When the line containing "Variables (R : realType) (n : nat) (U" appears in the data below, begin copying there and stop only after the line containing "Proof. by move=> Up;".

Start of Supplied information

(* Let $(M^{2n},J)$ be an almost complex manifold of real dimension $2n$ and $o\in M$. Let $(U,z)$, $z=(z^1,\dots,z^n)$, be a local complex coordinate around $o$ (i.e. the real and imaginary parts of $z^1,\dots,z^n$ form a smooth chart on $U$, not necessarily compatible with $J$) such that $\frac{\partial}{\partial z^i}\big|_o\in T^{1,0}_oM$ for $i=1,\dots,n$. Let $f$ be a holomorphic function on $U$ such that $\frac{\partial^{|\alpha|}f}{\partial z^\alpha}(o)=0$ for every multi-index $\alpha$ with $|\alpha|\le m$. Then $\mathrm{ord}_o(f)\ge m+1$.
   Context: $T^{1,0}_oM$ is the $\sqrt{-1}$-eigenspace of $J$ on $T_oM\otimes\mathbb C$. A complex function $f$ is holomorphic if $\bar\partial f=(df)^{0,1}=0$, i.e. $df$ vanishes on the $(-\sqrt{-1})$-eigenspace $T^{0,1}$ of $J$. $\mathrm{ord}_o(f)$ is the vanishing order of $f$ at $o$: the largest $k$ such that all partial derivatives of $f$ (in any smooth chart) of order $<k$ vanish at $o$. *)

From HB Require Import structures.
From mathcomp Require Import all_boot all_order all_algebra.
From mathcomp Require Import all_classical all_reals all_analysis.
Set Implicit Arguments. Unset Strict Implicit. Unset Printing Implicit Defensive.
Import Order.TTheory GRing.Theory Num.Theory.
Import numFieldNormedType.Exports.
Local Open Scope classical_set_scope.
Local Open Scope ring_scope.

(* Everything is expressed in the given chart (U, z): a point of U is a row
   vector p : 'rV[R]_(n + n) whose coordinates are
   (x^1, ..., x^n, y^1, ..., y^n), with z^j = x^j + i y^j.
   The coordinate index of x^j is lshift n j, that of y^j is rshift n j.
   Tangent vectors are row vectors; the almost complex structure at p is a
   matrix J p acting by X |-> X *m J p.
   A complex-valued function f = u + i v is represented by the pair (u, v)
   of its real and imaginary parts. *)

Section Defs.
Variables (R : realType) (n : nat).
Local Notation V := 'rV[R]_(n + n).

Definition ebasis (k : 'I_(n + n)) : V := \row_(l < n + n) (l == k)%:R.
Definition ex (j : 'I_n) : V := ebasis (lshift n j).
Definition ey (j : 'I_n) : V := ebasis (rshift n j).

Definition partial (k : 'I_(n + n)) (g : V -> R) : V -> R :=
  fun p => derive g p (ebasis k).

Definition iter_partial (s : seq 'I_(n + n)) (g : V -> R) : V -> R :=
  foldr partial g s.

Definition smooth_on (U : set V) (g : V -> R) : Prop :=
  forall s : seq 'I_(n + n),
    (forall p, U p -> {for p, continuous (iter_partial s g)}) /\
    (forall k p, U p -> derivable (iter_partial s g) p (ebasis k)).

Definition almost_complex_on (U : set V) (J : V -> 'M[R]_(n + n)) : Prop :=
  (forall i j, smooth_on U (fun p => J p i j)) /\
  (forall p, U p -> J p *m J p = - 1%:M).

(* a + sqrt(-1) b lies in the sqrt(-1)-eigenspace T^{1,0} of Jp *)
Definition in_T10 (Jp : 'M[R]_(n + n)) (a b : V) : Prop :=
  a *m Jp = - b /\ b *m Jp = a.
(* a + sqrt(-1) b lies in the (-sqrt(-1))-eigenspace T^{0,1} of Jp *)
Definition in_T01 (Jp : 'M[R]_(n + n)) (a b : V) : Prop :=
  a *m Jp = b /\ b *m Jp = - a.

Definition dR (g : V -> R) (p X : V) : R :=
  \sum_(k < n + n) X 0 k * partial k g p.

(* f = u + i v is holomorphic on U: df_p = d u + i d v vanishes on
   T^{0,1}_p for every p in U, where df_p(a + i b) =
   (du a - dv b) + i (dv a + du b). *)
Definition holomorphic_on (U : set V) (J : V -> 'M[R]_(n + n))
  (u v : V -> R) : Prop :=
  forall p, U p -> forall a b : V, in_T01 (J p) a b ->
    dR u p a - dR v p b = 0 /\ dR v p a + dR u p b = 0.

(* d/dz^j (u + i v) = 1/2 (d/dx^j - i d/dy^j)(u + i v)
   = 1/2 (u_x + v_y) + i 1/2 (v_x - u_y) *)
Definition dz (j : 'I_n) (f : (V -> R) * (V -> R)) : (V -> R) * (V -> R) :=
  (fun p => 2^-1 * (partial (lshift n j) f.1 p + partial (rshift n j) f.2 p),
   fun p => 2^-1 * (partial (lshift n j) f.2 p - partial (rshift n j) f.1 p)).

Definition dz_multi (alpha : 'I_n -> nat) (f : (V -> R) * (V -> R)) :=
  foldr (fun j g => iter (alpha j) (dz j) g) f (enum 'I_n).

Definition mindex_size (alpha : 'I_n -> nat) : nat := (\sum_(j < n) alpha j)%N.

(* ord_o(u + i v) >= k : every partial derivative of order < k of f
   (in the smooth chart x, y) vanishes at o *)
Definition ord_ge (u v : V -> R) (o : V) (k : nat) : Prop :=
  forall s : seq 'I_(n + n), (size s < k)%N ->
    iter_partial s u o = 0 /\ iter_partial s v o = 0.

End Defs.

(* Write f = u + i v in the chart, and dzbar_j = 1/2 (d/dx^j + i d/dy^j), so that
   d/dz^j = d/dx^j - dzbar_j and d/dy^j = i d/dx^j - 2 i dzbar_j.  Since d/dz^j at o
   lies in T^{1,0}_o, the row e_{y^j} J(o) is -e_{x^j}; combined with the holomorphy
   relations at p this writes dzbar_j f(p) as 1/2 df_p(e_{y^j} (J(p) - J(o))), a sum of
   first derivatives of f with coefficients vanishing at o.  Hence dzbar_j f vanishes
   to order k at o whenever f does.  By induction on k <= m: if f vanishes to order k,
   then, as far as derivatives of order k at o are concerned, d/dy^j acts as i d/dx^j
   and d/dz^j as d/dx^j.  Partial derivatives commute (Schwarz), so every derivative
   of order k at o is, up to a factor +-i, a pure x-derivative d^alpha f/dx^alpha(o),
   which equals d^alpha f/dz^alpha(o) = 0. *)

From HB Require Import structures.
From mathcomp Require Import all_boot all_order all_algebra.
From mathcomp Require Import all_classical all_reals all_analysis.
From mathcomp Require Import zify lra.
Import Order.TTheory GRing.Theory Num.Theory.
Import numFieldNormedType.Exports.
Local Open Scope classical_set_scope.
Local Open Scope ring_scope.

Set Implicit Arguments. Unset Strict Implicit. Unset Printing Implicit Defensive.

Section MultiIndex.
Variable n : nat.

Definition mindex_seq (alpha : 'I_n -> nat) : seq 'I_n :=
  flatten [seq nseq (alpha j) j | j <- enum 'I_n].

Lemma size_mindex_seq alpha : size (mindex_seq alpha) = mindex_size alpha.
Proof.
rewrite size_flatten /shape -map_comp sumnE big_map big_enum /=.
by apply: eq_bigr => j _; rewrite size_nseq.
Qed.

Lemma perm_mindex_seq (t : seq 'I_n) : perm_eq t (mindex_seq (fun j => count_mem j t)).
Proof.
apply/allP => x _; apply/eqP; rewrite count_flatten sumnE !big_map -enumT big_enum /=.
rewrite (bigD1 x) //= count_nseq /= eqxx mul1n big1 ?addn0 // => j /negbTE jx.
by rewrite count_nseq /= jx mul0n.
Qed.

Lemma mindex_size_count (t : seq 'I_n) : mindex_size (fun j => count_mem j t) = size t.
Proof. by rewrite -size_mindex_seq -(perm_size (perm_mindex_seq t)). Qed.

End MultiIndex.

Section SmoothOn.
Variables (R : realType) (n : nat) (U : set 'rV[R]_(n + n)).
Hypothesis openU : open U.
Local Notation V := 'rV[R]_(n + n).
Local Notation smooth := (smooth_on U).
Local Notation eb := (@ebasis R n).
Local Notation dx j := (partial (lshift n j)).
Local Notation dy j := (partial (rshift n j)).

Lemma iter_partial_cat s t (f : V -> R) :
  iter_partial (s ++ t) f = iter_partial s (iter_partial t f).
Proof. exact: foldr_cat. Qed.

Lemma iter_partial_rcons s k (f : V -> R) :
  iter_partial (rcons s k) f = iter_partial s (partial k f).
Proof. exact: foldr_rcons. Qed.

Lemma near_in_U p : U p -> \forall q \near p, q \in U.
Proof. by move=> Up; apply: filterS (openU Up) => q /mem_set. Qed.

Lemma eq_in_partial k (f g : V -> R) :
  {in U, f =1 g} -> {in U, partial k f =1 partial k g}.
Proof.
move=> fg p /set_mem Up; apply: near_eq_derive.
by apply: filterS (near_in_U Up); exact: fg.
Qed.

Lemma eq_in_iter_partial s (f g : V -> R) :
  {in U, f =1 g} -> {in U, iter_partial s f =1 iter_partial s g}.
Proof. by elim: s => [|k s IHs] //= fg; apply/eq_in_partial/IHs. Qed.

Lemma smooth_on_iter_partial s (f : V -> R) : smooth f -> smooth (iter_partial s f).
Proof. by move=> sf t; rewrite -iter_partial_cat. Qed.

Lemma smooth_on_partial k (f : V -> R) : smooth f -> smooth (partial k f).
Proof. exact: (smooth_on_iter_partial [:: k]). Qed.

Lemma iter_partial_cst s (c : R) :
  iter_partial s (cst c : V -> R) = cst (if s is [::] then c else 0).
Proof.
elim: s => [|k s IHs] //; apply/funext => p.
by rewrite [LHS]/(partial k (iter_partial s _) p) IHs /partial derive_cst; case: s {IHs}.
Qed.

Lemma smooth_on_cst (c : R) : smooth (cst c).
Proof.
move=> s; rewrite iter_partial_cst; split=> [p _ | k p _].
  exact: cst_continuous.
exact: derivable_cst.
Qed.

(** The smoothness of a product is proved by induction on this finite order. *)
Definition smooth_upto (N : nat) (f : V -> R) := forall s, (size s <= N)%N ->
  (forall p, U p -> {for p, continuous (iter_partial s f)}) /\
  (forall k p, U p -> derivable (iter_partial s f) p (@ebasis R n k)).

Lemma smooth_onP (f : V -> R) : smooth f <-> forall N, smooth_upto N f.
Proof. by split=> [sf N s _ | sf s]; [exact: sf | exact: sf (size s) s (leqnn _)]. Qed.

Lemma eq_in_smooth_upto N (f g : V -> R) :
  {in U, f =1 g} -> smooth_upto N f -> smooth_upto N g.
Proof.
move=> fg sf s sS; have [cf df] := sf s sS.
have near_fg p : U p -> {near p, iter_partial s f =1 iter_partial s g}.
  by move=> Up; apply: filterS (near_in_U Up); exact: eq_in_iter_partial.
split=> [p Up | k p Up].
  rewrite /prop_for /continuous_at -(eq_in_iter_partial s fg (mem_set Up)).
  exact: cvg_trans (near_eq_cvg (near_fg p Up)) (cf p Up).
exact: near_eq_derivable (near_fg p Up) (df k p Up).
Qed.

Lemma smooth_uptoS N (f : V -> R) : smooth_upto 0 f ->
  (forall k, smooth_upto N (partial k f)) -> smooth_upto N.+1 f.
Proof.
move=> f0 fS s; case/lastP: s => [|s k] sS; first exact: f0.
by rewrite iter_partial_rcons; apply: fS; rewrite size_rcons in sS.
Qed.

Lemma iter_partialD_upto N s (f g : V -> R) :
  smooth_upto N f -> smooth_upto N g -> (size s <= N.+1)%N ->
  {in U, iter_partial s (f + g) =1 iter_partial s f + iter_partial s g}.
Proof.
move=> sf sg; elim: s => [|k s IHs] //= sS p Up.
rewrite (eq_in_partial k (IHs (ltnW sS)) Up) /partial.
have [_ df] := sf s sS; have [_ dg] := sg s sS.
by rewrite deriveD //; [apply: df | apply: dg]; apply: set_mem.
Qed.

Lemma smooth_uptoD N (f g : V -> R) :
  smooth_upto N f -> smooth_upto N g -> smooth_upto N (f + g).
Proof.
move=> sf sg s sS; have fgE := iter_partialD_upto sf sg (leqW sS).
have [cf df] := sf s sS; have [cg dg] := sg s sS.
have near_fgE p : U p ->
    {near p, iter_partial s f + iter_partial s g =1 iter_partial s (f + g)}.
  by move=> Up; apply: filterS (near_in_U Up) => q /fgE.
split=> [p Up | k p Up].
  rewrite /prop_for /continuous_at (fgE p (mem_set Up)).
  exact: cvg_trans (near_eq_cvg (near_fgE p Up)) (continuousD (cf p Up) (cg p Up)).
exact: near_eq_derivable (near_fgE p Up) (derivableD (df k p Up) (dg k p Up)).
Qed.

Lemma smooth_onD (f g : V -> R) : smooth f -> smooth g -> smooth (f + g).
Proof.
move=> /smooth_onP sf /smooth_onP sg; apply/smooth_onP => N.
exact: smooth_uptoD.
Qed.

Lemma iter_partialD s (f g : V -> R) : smooth f -> smooth g ->
  {in U, iter_partial s (f + g) =1 iter_partial s f + iter_partial s g}.
Proof.
by move=> /smooth_onP sf /smooth_onP sg; apply: (iter_partialD_upto (sf _) (sg _)).
Qed.

Lemma partialM k (f g : V -> R) : smooth f -> smooth g ->
  {in U, partial k (f * g) =1 partial k f * g + f * partial k g}.
Proof.
move=> sf sg p /set_mem Up; have [_ df] := sf [::]; have [_ dg] := sg [::].
rewrite /partial deriveM; [|exact: df|exact: dg].
by rewrite addrC; congr (_ + _); apply: mulrC.
Qed.

Lemma smooth_upto0M (f g : V -> R) : smooth f -> smooth g -> smooth_upto 0 (f * g).
Proof.
move=> sf sg [|//] _; have [cf df] := sf [::]; have [cg dg] := sg [::].
split=> [p Up | k p Up]; first exact: continuousM (cf p Up) (cg p Up).
exact: derivableM (df k p Up) (dg k p Up).
Qed.

Lemma smooth_onM (f g : V -> R) : smooth f -> smooth g -> smooth (f * g).
Proof.
move=> sf sg; apply/smooth_onP => N; elim: N f g sf sg => [|N IHN] f g sf sg.
  exact: smooth_upto0M.
apply: (smooth_uptoS (smooth_upto0M sf sg)) => k.
apply: eq_in_smooth_upto (fun p Up => esym (partialM k sf sg Up)) _.
exact: smooth_uptoD (IHN _ _ (smooth_on_partial k sf) sg) (IHN _ _ sf (smooth_on_partial k sg)).
Qed.

Lemma iter_partialZ s c (f : V -> R) : smooth f ->
  {in U, iter_partial s (c \*o f) =1 c \*o iter_partial s f}.
Proof.
move=> sf; elim: s => [|k s IHs] // p Up.
rewrite [LHS](eq_in_partial k IHs Up) /partial deriveMl //.
by have [_ df] := sf s; apply: df; apply: set_mem.
Qed.

Lemma smooth_onZ c (f : V -> R) : smooth f -> smooth (c \*o f).
Proof. exact: smooth_onM (smooth_on_cst c). Qed.

Lemma smooth_onN (f : V -> R) : smooth f -> smooth (- f).
Proof.
have -> : - f = (-1) \*o f by apply/funext => p; rewrite !fctE /= mulN1r.
exact: smooth_onZ.
Qed.

Lemma iter_partialN s (f : V -> R) : smooth f ->
  {in U, iter_partial s (- f) =1 - iter_partial s f}.
Proof.
move=> sf p Up; have -> : - f = (-1) \*o f by apply/funext => q; rewrite !fctE /= mulN1r.
by rewrite (iter_partialZ s (-1) sf Up) /= mulN1r.
Qed.

Lemma smooth_onB (f g : V -> R) : smooth f -> smooth g -> smooth (f - g).
Proof. by move=> sf sg; exact/smooth_onD/smooth_onN. Qed.

Lemma iter_partialB s (f g : V -> R) : smooth f -> smooth g ->
  {in U, iter_partial s (f - g) =1 iter_partial s f - iter_partial s g}.
Proof.
move=> sf sg p Up.
by rewrite (iter_partialD s sf (smooth_onN sg) Up) !fctE (iter_partialN s sg Up).
Qed.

End of Supplied information

- _Solution to the problem_
Variables (R : realType) (n : nat) (U : set 'rV[R]_(n + n)).
Hypothesis openU : open U.
Local Notation V := 'rV[R]_(n + n).
Local Notation smooth := (smooth_on U).
Local Notation eb := (@ebasis R n).
Local Notation dx j := (partial (lshift n j)).
Local Notation dy j := (partial (rshift n j)).

Lemma iter_partial_cat s t (f : V -> R) :
  iter_partial (s ++ t) f = iter_partial s (iter_partial t f).
Proof. exact: foldr_cat. Qed.

Lemma iter_partial_rcons s k (f : V -> R) :
  iter_partial (rcons s k) f = iter_partial s (partial k f).
Proof. exact: foldr_rcons. Qed.

Lemma near_in_U p : U p -> \forall q \near p, q \in U.
Proof. by move=> Up; apply: filterS (openU Up) => q /mem_set. Qed.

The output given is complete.